Can someone tell me what may be happening here and the best way to deal with it to get my data into CloudSearch?

sfaust
  • 2,089
  • 28
  • 54
  • For now I've ended up using the API to create documents and then uploaded them that way; but it seems like it should be possible to upload them through the console as well; don't understand why it's generating all the weird null id docs... The API way works for me but still interested to know if anyone knows why this would be happening... – sfaust Feb 06 '17 at 16:54
  • I'm having the same issues via the CLI. The only thing I can tell is that some of my data has extra fields and if CS is sampling a subset that doesn't contain the extra fields, it might be choking when it hits a doc with more fields than it's expecting. Does this fit your case as well? – kfblake Mar 22 '17 at 23:12
  • Possibly, I would have to look at it for sure but I do have a few fields that aren't on every object so that variance could be there... I moved to generating them via the API as the requirements started getting more complex so I haven't really spent much more time working on this since the API seems to be fine. – sfaust Mar 23 '17 at 15:25
  • 1
    For the record, my issue ended up being with Map attributes.

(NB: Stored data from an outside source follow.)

Lemma subboxes_separating (e r1 r2 : R) (c1 c2 : 'rV[R]_n) :
  0 < e -> 0 < r1 -> 0 < r2 ->
  exists c1' (r1' : R) c2' (r2' : R), [/\ 0 < r1', 0 < r2', subbox c1' r1' c1 r1,
    subbox c2' r2' c2 r2 & separating e c1' r1' c2' r2'].
Proof.
move=> e0 r10 r20.
have [c1' [r1' [r2a [r1'0 r2a0 r2a_le sub1 sep1]]]] :=
  subbox_separating_p1 ab U_lt U_cont U_nd F_dom p1_dom p2_dom c1 c2 n3 e0 r10 r20.
have [c2' [r2' [r1'' [r2'0 r1''0 r1''_le sub2 sep2]]]] :=
  subbox_separating_p1 ab U_lt U_cont U_nd F_dom p2_dom p1_dom c2 c1' n3 e0 r2a0 r1'0.
exists c1', r1'', c2', r2'; split => //.
- exact: subbox_trans (subbox_refl _ r1''_le) sub1.
- exact: subbox_trans sub2 (subbox_refl _ r2a_le).
move=> w1 w2 w1in w2in x y xab yab [e1|e2].
  apply: sep1 => //; first exact: subbox_inbox (subbox_refl _ r1''_le) w1in.
  exact: subbox_inbox sub2 w2in.
by rewrite perturbC; apply: sep2.
Qed.

Lemma injective_perturbation (d : R) : 0 < d -> exists w1 w2 : 'rV[R]_n,
  (forall i, `|w1 ord0 i| <= d /\ `|w2 ord0 i| <= d) /\
  {in `[a, b] &, forall x y, perturb F p1 p2 w1 w2 x = perturb F p1 p2 w1 w2 y ->
    p1 x = p1 y /\ p2 x = p2 y}.
Proof.
move=> d0; pose B := (('rV[R]_n * R) * ('rV[R]_n * R))%type.
have next (kB : nat * B) : exists B' : B, 0 < kB.2.1.2 -> 0 < kB.2.2.2 ->
    [/\ 0 < B'.1.2, 0 < B'.2.2, subbox B'.1.1 B'.1.2 kB.2.1.1 kB.2.1.2,
      subbox B'.2.1 B'.2.2 kB.2.2.1 kB.2.2.2 &
      separating (kB.1.+1%:R)^-1 B'.1.1 B'.1.2 B'.2.1 B'.2.2].
  case: kB => k [[c1 r1] [c2 r2]] /=.
  have [[r10 r20]|r_le0] := pselect (0 < r1 /\ 0 < r2); last first.
    by exists ((c1, r1), (c2, r2)) => r10 r20; case: r_le0.
  have e0 : 0 < (k.+1%:R : R)^-1 by rewrite invr_gt0 ltr0Sn.
  have [c1' [r1' [c2' [r2' sep]]]] := subboxes_separating c1 c2 e0 r10 r20.
  by exists ((c1', r1'), (c2', r2')).
have [f Hf] := choice next.
pose fix boxes k : B := if k is k'.+1 then f (k', boxes k') else ((0, d), (0, d)).
have pos k : 0 < (boxes k).1.2 /\ 0 < (boxes k).2.2.
  by elim: k => [|k [pos1 pos2]] //=; have [] := Hf (k, boxes k) pos1 pos2.
have step k := Hf (k, boxes k) (pos k).1 (pos k).2.
have [w1 w1in] := nested_boxes_meet (c := fun k => (boxes k).1.1)
  (fun k => ltW (pos k).1) (fun k => let: And5 _ _ sub _ _ := step k in sub).
have [w2 w2in] := nested_boxes_meet (c := fun k => (boxes k).2.1)
  (fun k => ltW (pos k).2) (fun k => let: And5 _ _ _ sub _ := step k in sub).
exists w1, w2; split => [i|x y xab yab same].
  by have := w1in 0%N i; have := w2in 0%N i; rewrite /= !mxE !subr0.
have close e : 0 < e -> ~ (e <= `|p1 y - p1 x| \/ e <= `|p2 y - p2 x|).
  move=> e0 far; set k := Num.truncn e^-1.
  have ke : (k.+1%:R)^-1 <= e.
    rewrite -[leRHS]invrK lef_pV2 ?posrE ?invr_gt0 ?ltr0Sn //.
    exact/ltW/truncnS_gt.
  have [_ _ _ _ sep] := step k.
  have far' : (k.+1%:R)^-1 <= `|p1 y - p1 x| \/ (k.+1%:R)^-1 <= `|p2 y - p2 x|.
    by case: far => far; [left|right]; apply: le_trans far.
  by move: (sep w1 w2 (w1in k.+1) (w2in k.+1) x y xab yab far'); rewrite same eqxx.
split; apply/eqP/negPn/negP; rewrite eq_sym -subr_eq0 -normr_gt0 => ne0.
  by apply: (close _ ne0); left.
by apply: (close _ ne0); right.
Qed.

End InjectivePerturbation.

Lemma perturb_subE (R : realType) (n : nat) (F : R -> 'rV[R]_n) p1 p2 w1 w2 t :
  perturb F p1 p2 w1 w2 t - F t = p1 t *: w1 + p2 t *: w2.
Proof. by apply/rowP => i; rewrite !mxE; ring. Qed.

Section SmallInjectivePerturbation.
Variables (R : realType) (n : nat) (a b K B : R) (F : R -> 'rV[R]_n) (p1 p2 : R -> R).
Hypotheses (n3 : (3 <= n)%N) (ab : a < b) (K_gt0 : 0 < K) (F_CBV : CBV_interval a b F).
Hypothesis p1_lip : {in `[a, b] &, forall x y, `|p1 y - p1 x| <= K * `|y - x|}.
Hypothesis p2_lip : {in `[a, b] &, forall x y, `|p2 y - p2 x| <= K * `|y - x|}.
Hypotheses (p1_bd : {in `[a, b], forall t, `|p1 t| <= B})
  (p2_bd : {in `[a, b], forall t, `|p2 t| <= B}).

Lemma small_injective_perturbation (eps : R) : 0 < eps -> exists w1 w2 : 'rV[R]_n,
  [/\ bounded_var a b (perturb F p1 p2 w1 w2),
    {in `[a, b] &, forall x y, perturb F p1 p2 w1 w2 x = perturb F p1 p2 w1 w2 y ->
      p1 x = p1 y /\ p2 x = p2 y}
    & bvnorm a b (fun t => perturb F p1 p2 w1 w2 t - F t) < eps].
Proof.
move=> eps0; set U := control a K F.
have U_nd := control_nondecreasing K_gt0 F_CBV.
have F_dom := dominated_control_coord K_gt0 F_CBV.
have p1_dom := dominated_control_lipschitz F_CBV p1_lip.
have p2_dom := dominated_control_lipschitz F_CBV p2_lip.
have a_in : a \in `[a, b] by rewrite in_itv /= lexx ltW.
have b_in : b \in `[a, b] by rewrite in_itv /= lexx ltW.
have B0 : 0 <= B := le_trans (normr_ge0 _) (p1_bd a_in).
have Ua : U a = 0 := control_a a K F.
have Ub0 : 0 <= U b by rewrite -Ua U_nd // ltW.
set C := 2 * n%:R * (B + U b); set d := eps / (C + 1).
have C0 : 0 <= C by rewrite /C; have := ler0n R n; nra.
have C1 : 0 < C + 1 by lra.
have d0 : 0 < d by rewrite divr_gt0.
have [w1 [w2 [w_le w_inj]]] := injective_perturbation n3 (ltW ab)
  (control_lt ab K_gt0 F_CBV) (control_continuous ab F_CBV) U_nd F_dom p1_dom p2_dom d0.
have dev_dom i : dominated a b U (2 * d) (fun t => p1 t * w1 ord0 i + p2 t * w2 ord0 i).
  apply: dominated_le (dominatedD (dominatedMr _ ler01 p1_dom) (dominatedMr _ ler01 p2_dom)).
  by have [? ?] := w_le i; rewrite !mul1r; lra.
exists w1, w2; split => //.
  apply: (bounded_var_dominated (U := U) (k := 1 + 2 * d)) => // i.
  have -> : (fun t => perturb F p1 p2 w1 w2 t ord0 i) =
      (fun t => F t ord0 i + (p1 t * w1 ord0 i + p2 t * w2 ord0 i)).
    by apply/funext => t; rewrite perturb_coord addrA.
  exact: dominatedD (F_dom i) (dev_dom i).
under eq_fun do rewrite perturb_subE.
apply: (le_lt_trans (bvnorm_le_dominated (U := U) (k := 2 * d)
  (B := n%:R * (2 * d * B)) U_nd _ ab _)) => [i|t tab|].
- by under eq_fun do rewrite !mxE; exact: dev_dom.
- exact: enorm_combination_le (p1_bd tab) (p2_bd tab) w_le.
have dC : d * C < eps by rewrite /d mulrAC ltr_pdivrMr //; nra.
by rewrite Ua subr0; apply: le_lt_trans dC; rewrite /C; nra.
Qed.

End SmallInjectivePerturbation.

Section UnitCircle.
Variable R : realType.

Lemma dist_le_of_is_derive (f df : R -> R) : continuous f ->
  (forall x, is_derive x (1 : R) f (df x)) -> (forall x, `|df x| <= 1) ->
  forall x y, `|f y - f x| <= `|y - x|.
Proof.
move=> f_cont f_der df_le.
suff lt x y : x < y -> `|f y - f x| <= `|y - x|.
  move=> x y; have [xy|yx|->] := ltgtP x y; first exact: lt.
    by rewrite distrC [X in _ <= X]distrC; exact: lt.
  by rewrite !subrr normr0.
move=> xy; have [c _ ->] := MVT xy (fun z _ => f_der z) (continuous_subspaceT f_cont).
by rewrite normrM ler_piMl.
Qed.

Lemma sin_dist_le x y : `|sin y - sin x| <= `|y - x| :> R.
Proof. exact: (dist_le_of_is_derive (@continuous_sin R) _ (@cos_max R)). Qed.

Lemma cos_dist_le x y : `|cos y - cos x| <= `|y - x| :> R.
Proof.
apply: (dist_le_of_is_derive (@continuous_cos R) (df := fun z => - sin z)) => // z.
by rewrite normrN sin_max.
Qed.

Lemma cos_eq1_itv u : 0 <= u < pi *+ 2 -> cos u = 1 -> u = 0 :> R.
Proof.
move=> /andP[u0 u2pi] cu; have pi0 := @pi_gt0 R.
have in0pi v : 0 <= v <= pi -> v \in `[0, pi] by rewrite in_itv.
have [upi|piu] := leP u pi.
  by apply: cos_inj; rewrite ?cos0 ?in0pi ?lexx ?u0 // ltW.
have v_in : pi *+ 2 - u \in `[0, pi] by apply: in0pi; rewrite mulr2n; lra.
have : pi *+ 2 - u = 0.
  apply: cos_inj => //; first by rewrite in0pi ?lexx ?ltW.
  by rewrite cos0 addrC (cosD2pi (- u)) cosN.
by rewrite mulr2n; lra.
Qed.

Lemma cos_sin_2pi_inj x y : 0 <= x < 1 -> 0 <= y < 1 ->
  cos (pi *+ 2 * x) = cos (pi *+ 2 * y) -> sin (pi *+ 2 * x) = sin (pi *+ 2 * y) -> x = y :> R.
Proof.
wlog xy : x y / x <= y.
  move=> H hx hy hc hs; have [xy|/ltW yx] := leP x y; first exact: H.
  by apply/esym/(H y x yx hy hx); [rewrite hc | rewrite hs].
move=> /andP[x0 x1] /andP[y0 y1] hc hs; have pi0 := @pi_gt0 R.
suff : pi *+ 2 * y - pi *+ 2 * x = 0.
  rewrite -mulrBr => /eqP; rewrite mulf_eq0 subr_eq0 => /orP[|/eqP -> //].
  by rewrite mulr2n => /eqP; lra.
apply: cos_eq1_itv; last by rewrite cosB hc hs -!expr2 cos2Dsin2.
rewrite -mulrBr; apply/andP; split; first by rewrite mulr_ge0 ?subr_ge0 // mulr2n; lra.
by rewrite -[ltRHS]mulr1 ltr_pM2l ?mulr2n; lra.
Qed.

End UnitCircle.

Lemma cvg_perturb (R : realType) (n : nat) (G : set_system R) {G_filter : Filter G}
    (F : R -> 'rV[R]_n) (p1 p2 : R -> R) w1 w2 x :
  F @ G --> F x -> p1 @ G --> p1 x -> p2 @ G --> p2 x ->
  perturb F p1 p2 w1 w2 @ G --> perturb F p1 p2 w1 w2 x.
Proof.
move=> Fx p1x p2x; apply: cvgD; first apply: cvgD.
- exact: Fx.
- exact: cvgZr_tmp.
- exact: cvgZr_tmp.
Qed.

Section Density.
Variables (R : realType) (n : nat).
Hypothesis n3 : (3 <= n)%N.

Lemma CBV_interval_injective_dense (a b : R) : a < b ->
  forall F : R -> 'rV[R]_n, CBV_interval a b F ->
  forall eps : R, 0 < eps -> exists G : R -> 'rV[R]_n,
    [/\ CBV_interval a b G, {in `[a, b] &, injective G}
      & bvnorm a b (fun t => G t - F t) < eps].
Proof.
move=> ab F F_CBV eps eps0.
have id_lip : {in `[a, b] &, forall x y, `|y - x| <= 1 * `|y - x|}.
  by move=> x y _ _; rewrite mul1r.
have zero_lip : {in `[a, b] &, forall x y, `|(0 : R) - 0| <= 1 * `|y - x|}.
  by move=> x y _ _; rewrite subrr normr0 mul1r.
have id_bd : {in `[a, b], forall t, `|t| <= `|a| + `|b|}.
  move=> t; rewrite in_itv /= => /andP[ta tb]; rewrite ler_norml.
  have := ler_norm (- a); have := ler_norm b; rewrite normrN.
  by have := normr_ge0 a; have := normr_ge0 b; move=> *; apply/andP; split; lra.
have zero_bd : {in `[a, b], forall t, `|0 : R| <= `|a| + `|b|}.
  by move=> t _; rewrite normr0 addr_ge0.
have [w1 [w2 [G_bv G_inj G_close]]] := small_injective_perturbation (p1 := id)
  (p2 := fun=> 0) n3 ab ltr01 F_CBV id_lip zero_lip id_bd zero_bd eps0.
exists (perturb F id (fun=> 0) w1 w2); split => //.
  split => // x; apply: cvg_perturb; first exact: nbhs_subspace_filter.
  - exact: (F_CBV.1 x).
  - exact: (@continuous_subspaceT _ _ _ id (fun t => cvg_id) x).
  - by apply: cvg_cst; exact: nbhs_subspace_filter.
by move=> x y xab yab /(G_inj x y xab yab) [].
Qed.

Any docs with a Map attribute broke the AWS CLI conversion to CloudSearch ready import format. There is a round-about-way to resolve this, but it's laborious and best for large single-use imports only. – kfblake Mar 23 '17 at 18:35
  • Did you guys figure this out? I am facing the exact same issue and have no idea on how to go about this. – ASR4 Jun 26 '19 at 05:57
  • 1
    We ended up needing to custom create the objects trough API anyway for other reasons so we did that. Unfortunately never figured out why this was happening. – sfaust Jun 26 '19 at 15:06
  • Oh, thats sad :/ Can you share any doc which talks about using DynamoDB to upload data to CloudSearch using APIs? I did not come across any that specificaly uses dynamo db as a source for uploading, using APIs. – ASR4 Jun 27 '19 at 07:12
  • No we ended up deciding that we needed the properties slightly different for cloudsearch so we just have our DynamoDB for pulling data and we manually create CloudSearch documents with the properties we need and upload them. – sfaust Jun 27 '19 at 07:33

1 Answers1

0

For me, the problems were Map attributes and List attributes. Once I removed all those attributes from my table items the upload worked successfully

Theo
  • 479
  • 5
  • 6